Haunted Downtown Wilmington Dog Walk
COPY TO COME
#1: COTTON EXCHANGE
321 N Front St, Wilmington, NC 28401
Ever since the 1700’s, the area that houses The Cotton Exchange has been in use (originally known as known as Paddock’s Hollow -or Paddy’s Hollow to a few whom had a few too many drinks- included a horse pond and paddock). In 1886, there was a fire that wiped out much of that area that was used by squatters living in lean-tos and rickety shacks. Renovated in the 1970’s, these building were turned into a mix of shopping and dining venues. Over the years, there has been sightings, weird happenings, and more that suggests The Cotton Exchange and its’ many shops are haunted! A few such tales include:
- The German Cafe has a ghost (a Victorian-dressed woman) that likes to appear around dinner hour at the top of the steps leading to the upper dinning room.
- The Golden Gallery has an apparition of a man in a black top hat and long black coat that stands and disappears quickly in the corner of the shop.
- The Top Toad employees have heard the clanging of hangers, footsteps and murmurs — even though there was no one else in the store. There has been unfolding of shirts and displays knocked down too.
- When Paddy’s Hollow was closed down for renovations, the manager saw a man dressed in black who turned away fast and disappeared through the kitchen door. He chased after the figure, but when he reached the rear kitchen door, the manager noticed boxes stacked in front of it, thus making impossible for anyone to have opened the door.
- One shop owner has her shop redecorated some mornings. She named her ghost Henrietta.
- The Scoop has a ghostly little girl who likes to cause a little mischievous.

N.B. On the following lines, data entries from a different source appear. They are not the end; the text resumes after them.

(* Let $(P,\omega)$ be a labeled poset of size $p$ and let $s\in P$. Then, as formal power series in $q$, $$G_{P,\omega;s}(q)=\frac{e_q^{\mathrm{maj}}(P,\omega;s)}{\prod_{i=1}^{p}(1-q^i)}.$$
   Context: $\mathbb{N}=\{0,1,2,\dots\}$; $\omega:P\to[p]$ is a bijection. A $(P,\omega)$-partition is a map $f:P\to\mathbb{N}$ with $f(x)\ge f(y)$ whenever $x\le y$, and $f(x)>f(y)$ whenever $x\le y$ and $\omega(x)>\omega(y)$. A $(P,\omega;s)$-partition is a $(P,\omega)$-partition $f$ with $f(s)\le f(t)$ for all $t\in P$ and such that $f(s)=f(t)$, $t\ne s$, implies $\omega(s)>\omega(t)$. $G_{P,\omega;s}(q)=\sum_{m\ge0}a(m)q^m$, where $a(m)$ is the number of $(P,\omega;s)$-partitions $f$ with $\sum_{t\in P}f(t)=m$. For a linear extension (order-preserving bijection) $g:P\to[p]$, its word is $\sigma=\omega\circ g^{-1}=\sigma_1\cdots\sigma_p$, and $\mathrm{maj}(\sigma)=\sum_{i:\sigma_i>\sigma_{i+1}}i$. $e_q^{\mathrm{maj}}(P,\omega;s)=\sum q^{\mathrm{maj}(\sigma)}$, summed over words $\sigma$ of linear extensions with $\sigma_p=\omega(s)$. *)

From mathcomp Require Import all_boot all_order all_algebra.
Set Implicit Arguments. Unset Strict Implicit. Unset Printing Implicit Defensive.
Import GRing.Theory.

Definition is_poset (T : finType) (le : rel T) : Prop :=
  reflexive le /\ antisymmetric le /\ transitive le.

Definition is_labeling (T : finType) (omega : T -> nat) : Prop :=
  injective omega /\ forall x, 1 <= omega x <= #|T|.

In the past she has played with the wind chimes, presses the buttons on the kitchen equipment, knock the napkins of the counter, and even knocked over dishes. Employees have said they have seen the little girl’s image in the glass case in the store.
#2: ORTON HOTEL
133 N Front St, Wilmington, NC 28401 (Now Orton’s Billiards & Pool Room)
Orton Hotel (now Orton’s Billiards & Pool Room and the oldest continuously operating pool room in the United States) was built in 1888 and burned down in 1949. Due to the deaths that the fire had caused, Orton’s is rumored to be haunted. The ghosts of two men who died in the fire are rumored to still be there and ‘haunting’ the pool hall.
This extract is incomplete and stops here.